• _Exercise description_: Say how many lines in the following data hold the word "forall". Write nothing but that number.

-- Supplied records follows --

(* Let $A=[a_{ij}]\in\{0,1\}^{N\times N}$ be the adjacency matrix of a static contact graph on nodes $\{1,\dots,N\}$ (with $a_{ii}=0$) and let $\rho(A)$ be its spectral radius. Let $\beta_0>0$, $\delta>0$, $\kappa>0$ and $0\le\beta_a<\beta_0$, and consider the SAIS system \[ \dot p_i=\beta_0(1-p_i-q_i)\sum_{j=1}^N a_{ij}p_j+\beta_a q_i\sum_{j=1}^N a_{ij}p_j-\delta p_i,\qquad \dot q_i=\kappa(1-p_i-q_i)\sum_{j=1}^N a_{ij}p_j-\beta_a q_i\sum_{j=1}^N a_{ij}p_j, \] $i\in\{1,\dots,N\}$, with initial data that are probabilities ($p_i,q_i\ge0$, $p_i+q_i\le 1$). If the infection strength satisfies \[ \tau=\frac{\beta_0}{\delta}<\frac{1}{\rho(A)}, \] then initial infections die out exponentially, i.e. each $p_i(t)$ converges to $0$ exponentially as $t\to\infty$.
   Context: $p_i$ and $q_i$ are the (mean-field) probabilities that individual $i$ is infected and alert; $a_{ij}=1$ iff individual $j$ is a neighbor of individual $i$. $\beta_0$: infection rate of susceptible individuals; $\beta_a$: infection rate of alert individuals; $\kappa$: alerting rate; $\delta$: curing rate. $\rho(A)$ is the largest modulus of the eigenvalues of $A$. *)

From HB Require Import structures.
From mathcomp Require Import all_boot all_order all_algebra.
From mathcomp Require Import all_classical all_reals all_analysis.
From mathcomp Require Import complex.
Set Implicit Arguments. Unset Strict Implicit. Unset Printing Implicit Defensive.
Import Order.TTheory GRing.Theory Num.Theory numFieldNormedType.Exports.
Local Open Scope ring_scope.
Local Open Scope classical_set_scope.

Definition spectral_radius (R : realType) (n : nat) (A : 'M[R]_n) : R :=
  sup [set r : R | exists z : R[i],
         eigenvalue (map_mx (fun x : R => Complex x 0) A) z /\ r = Normc.normc z].
Definition dim_bound : R := ln 2 / (INR N * ln (INR (m + 1))).

Definition mass_constant : R := 2 * exp (INR p * ln 2 / INR N).

Lemma ln_m1_pos : 0 < ln (INR (m + 1)).
Proof.
  rewrite <- ln_1; apply ln_increasing; [lra|].
  apply le_INR in m_pos; rewrite plus_INR; simpl in *; lra.
Qed.

Lemma dim_bound_pos : 0 < dim_bound.
Proof.
  pose proof ln_m1_pos; pose proof (lt_0_INR N ltac:(lia)).
  apply Rdiv_lt_0_compat; [rewrite <- ln_1; apply ln_increasing|apply Rmult_lt_0_compat]; lra.
Qed.

Lemma mass_constant_pos : 0 < mass_constant.
Proof. pose proof (exp_pos (INR p * ln 2 / INR N)); unfold mass_constant; lra. Qed.

(* [dim_bound] is chosen so that [(m+1)^(-N * dim_bound) = 1/2]. *)
Lemma mass_constant_scale k :
  mass_constant * Rpower (/ INR (m + 1) ^ (p + S k * N)) dim_bound = / 2 ^ k.
Proof.
  pose proof ln_m1_pos; pose proof (lt_0_INR N ltac:(lia)).
  assert (0 < INR (m + 1)) by (apply lt_0_INR; lia).
  unfold Rpower, mass_constant, dim_bound.
  rewrite ln_Rinv, ln_pow by (try apply pow_lt; lra).
  rewrite <- (Rpower_pow k 2) by lra; unfold Rpower.
  rewrite <- exp_Ropp, Rmult_assoc, <- exp_plus.
  replace 2 with (exp (ln 2)) at 1 by (apply exp_ln; lra).
  rewrite <- exp_plus; f_equal.
  rewrite (plus_INR p), mult_INR, S_INR; field; lra.
Qed.

Lemma cylinder_weight_le k D s :
  / INR (m + 1) ^ (p + S k * N) <= D <= 1 -> 0 < s <= dim_bound ->
  / 2 ^ k <= mass_constant * pw D s.
Proof.
  intros HD Hs; rewrite <- mass_constant_scale.
  pose proof mass_constant_pos; pose proof dim_bound_pos.
  assert (Hpos : 0 < / INR (m + 1) ^ (p + S k * N))
    by (apply Rinv_0_lt_compat, pow_lt, lt_0_INR; lia).
  apply Rmult_le_compat_l; [lra|].
  apply Rle_trans with (Rpower D dim_bound); [apply Rle_Rpower_l; lra|].
  unfold pw; destruct Req_EM_T; [lra|]; unfold Rpower.
  assert (ln D <= 0) by (rewrite <- ln_1; apply ln_le; lra).
  assert (Hexp : dim_bound * ln D <= s * ln D) by nra.
  destruct (Rle_lt_or_eq_dec _ _ Hexp) as [Hlt| ->]; [left; apply exp_increasing|]; lra.
Qed.

Lemma preimage_in_cylinder (E : (nat -> nat) -> Prop) (D : R) k :
  (forall x y, E x -> E y -> seqdist m x y <= D) ->
  (forall j, (j < k)%nat -> D < / INR (m + 1) ^ (p + S j * N)) ->
  exists c, forall s, E (Phi s) -> cylinder k c s.
Proof.
  intros HD Hsmall.
  destruct (classic (exists s0, E (Phi s0))) as [[s0 Hs0]|Hempty];
    [exists s0 | exists (fun _ => false); intros s Hs; exfalso; eauto].
  intros s Hs j Hj; apply NNPP; intros Hne.
  destruct (least_witness (fun i => s i <> s0 i) j Hne) as [j' [Hj' [Hne' Hleast]]].
  destruct (Phi_separates s s0 j') as [jj [Hjj Hdiff]]; auto.
  { intros i Hi; apply NNPP; eauto. }
  assert (1 <= INR (m + 1)) by (rewrite plus_INR; pose proof (pos_INR m); simpl; lra).
  assert (/ INR (m + 1) ^ (p + S j' * N) <= / INR (m + 1) ^ S jj).
  { apply Rinv_le_contravar; [apply pow_lt; lra|]; apply Rle_pow; auto; lia. }
  pose proof (seqdist_ge m _ _ _ Hdiff); pose proof (HD _ _ Hs Hs0).
  specialize (Hsmall j' ltac:(lia)); lra.
Qed.
(* Let $\alpha>0$, $M,\tilde M>0$ with $M/\tilde M\ge(1-5^{-\alpha})^{-1}\bigl(1+\frac{1}{5^\alpha-3^\alpha}\bigr)80^\alpha$, and let $n\ge1$. With the construction below, for every $\mathcal Z_{\boldsymbol\kappa_{\bar a},\bar a}\in\mathcal U_{\bar a}$, the function $y=y_{\mathcal C}(\cdot\mid\boldsymbol\kappa_{\bar a},\bar a)$ has unique maximizer $\mathbf{x}^*=\mathbf{c}_{\boldsymbol\kappa_{\bar a},\bar a}$ on $[0,1]^d$ and satisfies $\tilde M\|\mathbf{x}^*-\mathbf{x}\|_\infty^\alpha\le|y(\mathbf{x}^* )-y(\mathbf{x})|\le M\|\mathbf{x}^*-\mathbf{x}\|_\infty^\alpha$ for all $\mathbf{x}\in[0,1]^d$.
   Context: $\|\mathbf{x}\|_\infty=\max_l|x_l|$. Let $\Delta=\lfloor3^d/2\rfloor$, $\bar a=\lceil4(n+1)/\Delta\rceil+2$, $\gamma_a=5^{-a}/2$, $\hat M=\frac{40^\alpha}{5^\alpha-3^\alpha}\tilde M$. For $a=0,\dots,\bar a$ and $\boldsymbol\kappa_a\in\{1,\dots,5^a\}^d$ let $\mathbf{c}_{\boldsymbol\kappa_a,a}=((2\kappa_{1,a}-1)\gamma_a,\dots,(2\kappa_{d,a}-1)\gamma_a)$ and $\mathcal Z_{\boldsymbol\kappa_a,a}=\{\mathbf{x}\in[0,1]^d:\|\mathbf{x}-\mathbf{c}_{\boldsymbol\kappa_a,a}\|_\infty<\gamma_a\}$. For $a\ge1$, $\mathcal P(\boldsymbol\kappa_a)$ is the level-$(a-1)$ index with $\mathcal Z_{\boldsymbol\kappa_a,a}\subset\mathcal Z_{\mathcal P(\boldsymbol\kappa_a),a-1}$, $\mathcal P^\ell$ its iterate. $\mathcal U_0=\{\mathcal Z_{\mathbf 1,0}\}$; for $a\ge1$, $\mathcal U_a=\{\mathcal Z_{\boldsymbol\kappa_a,a}:\mathcal Z_{\mathcal P(\boldsymbol\kappa_a),a-1}\in\mathcal U_{a-1},\ \|\mathbf{c}_{\boldsymbol\kappa_a,a}-\mathbf{c}_{\mathcal P(\boldsymbol\kappa_a),a-1}\|_\infty\le2\gamma_a\}$. Components on $[0,1]^d$: $y_{\mathcal S}(\mathbf{x}\mid\mathbf 1,0)=\hat M(5^\alpha-3^\alpha)\gamma_1^\alpha$ if $\|\mathbf{x}-\mathbf{c}_{\mathbf 1,0}\|_\infty\le3\gamma_1$, $=\hat M5^\alpha\gamma_1^\alpha-\hat M\|\mathbf{x}-\mathbf{c}_{\mathbf 1,0}\|_\infty^\alpha$ if $3\gamma_1\le\|\mathbf{x}-\mathbf{c}_{\mathbf 1,0}\|_\infty\le5\gamma_1$; for $1\le a\le\bar a-1$, $y_{\mathcal S}(\mathbf{x}\mid\boldsymbol\kappa_a,a)=\hat M(5^\alpha-3^\alpha)\gamma_{a+1}^\alpha$ if $\|\mathbf{x}-\mathbf{c}_{\boldsymbol\kappa_a,a}\|_\infty\le3\gamma_{a+1}$, $=\hat M5^\alpha\gamma_{a+1}^\alpha-\hat M\|\mathbf{x}-\mathbf{c}_{\boldsymbol\kappa_a,a}\|_\infty^\alpha$ if $3\gamma_{a+1}<\|\cdot\|_\infty\le5\gamma_{a+1}$, $=0$ otherwise; $y_{\mathcal D}(\mathbf{x}\mid\boldsymbol\kappa_{\bar a},\bar a)=\hat M\gamma_{\bar a}^\alpha-\hat M\|\mathbf{x}-\mathbf{c}_{\boldsymbol\kappa_{\bar a},\bar a}\|_\infty^\alpha$ if $\|\mathbf{x}-\mathbf{c}_{\boldsymbol\kappa_{\bar a},\bar a}\|_\infty\le\gamma_{\bar a}$, $=0$ otherwise. $y_{\mathcal C}(\mathbf{x}\mid\boldsymbol\kappa_{\bar a},\bar a)=y_{\mathcal D}(\mathbf{x}\mid\boldsymbol\kappa_{\bar a},\bar a)+\sum_{\ell=1}^{\bar a-1}y_{\mathcal S}(\mathbf{x}\mid\mathcal P^\ell(\boldsymbol\kappa_{\bar a}),\bar a-\ell)+y_{\mathcal S}(\mathbf{x}\mid\mathbf 1,0)$. *)

From HB Require Import structures.
From mathcomp Require Import all_boot all_order all_algebra.
From mathcomp Require Import all_classical all_reals all_analysis.
Set Implicit Arguments. Unset Strict Implicit. Unset Printing Implicit Defensive.
Import Order.TTheory GRing.Theory Num.Theory.
Local Open Scope ring_scope.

-- Supplied records concluded --

• _Result of this exercise_: 3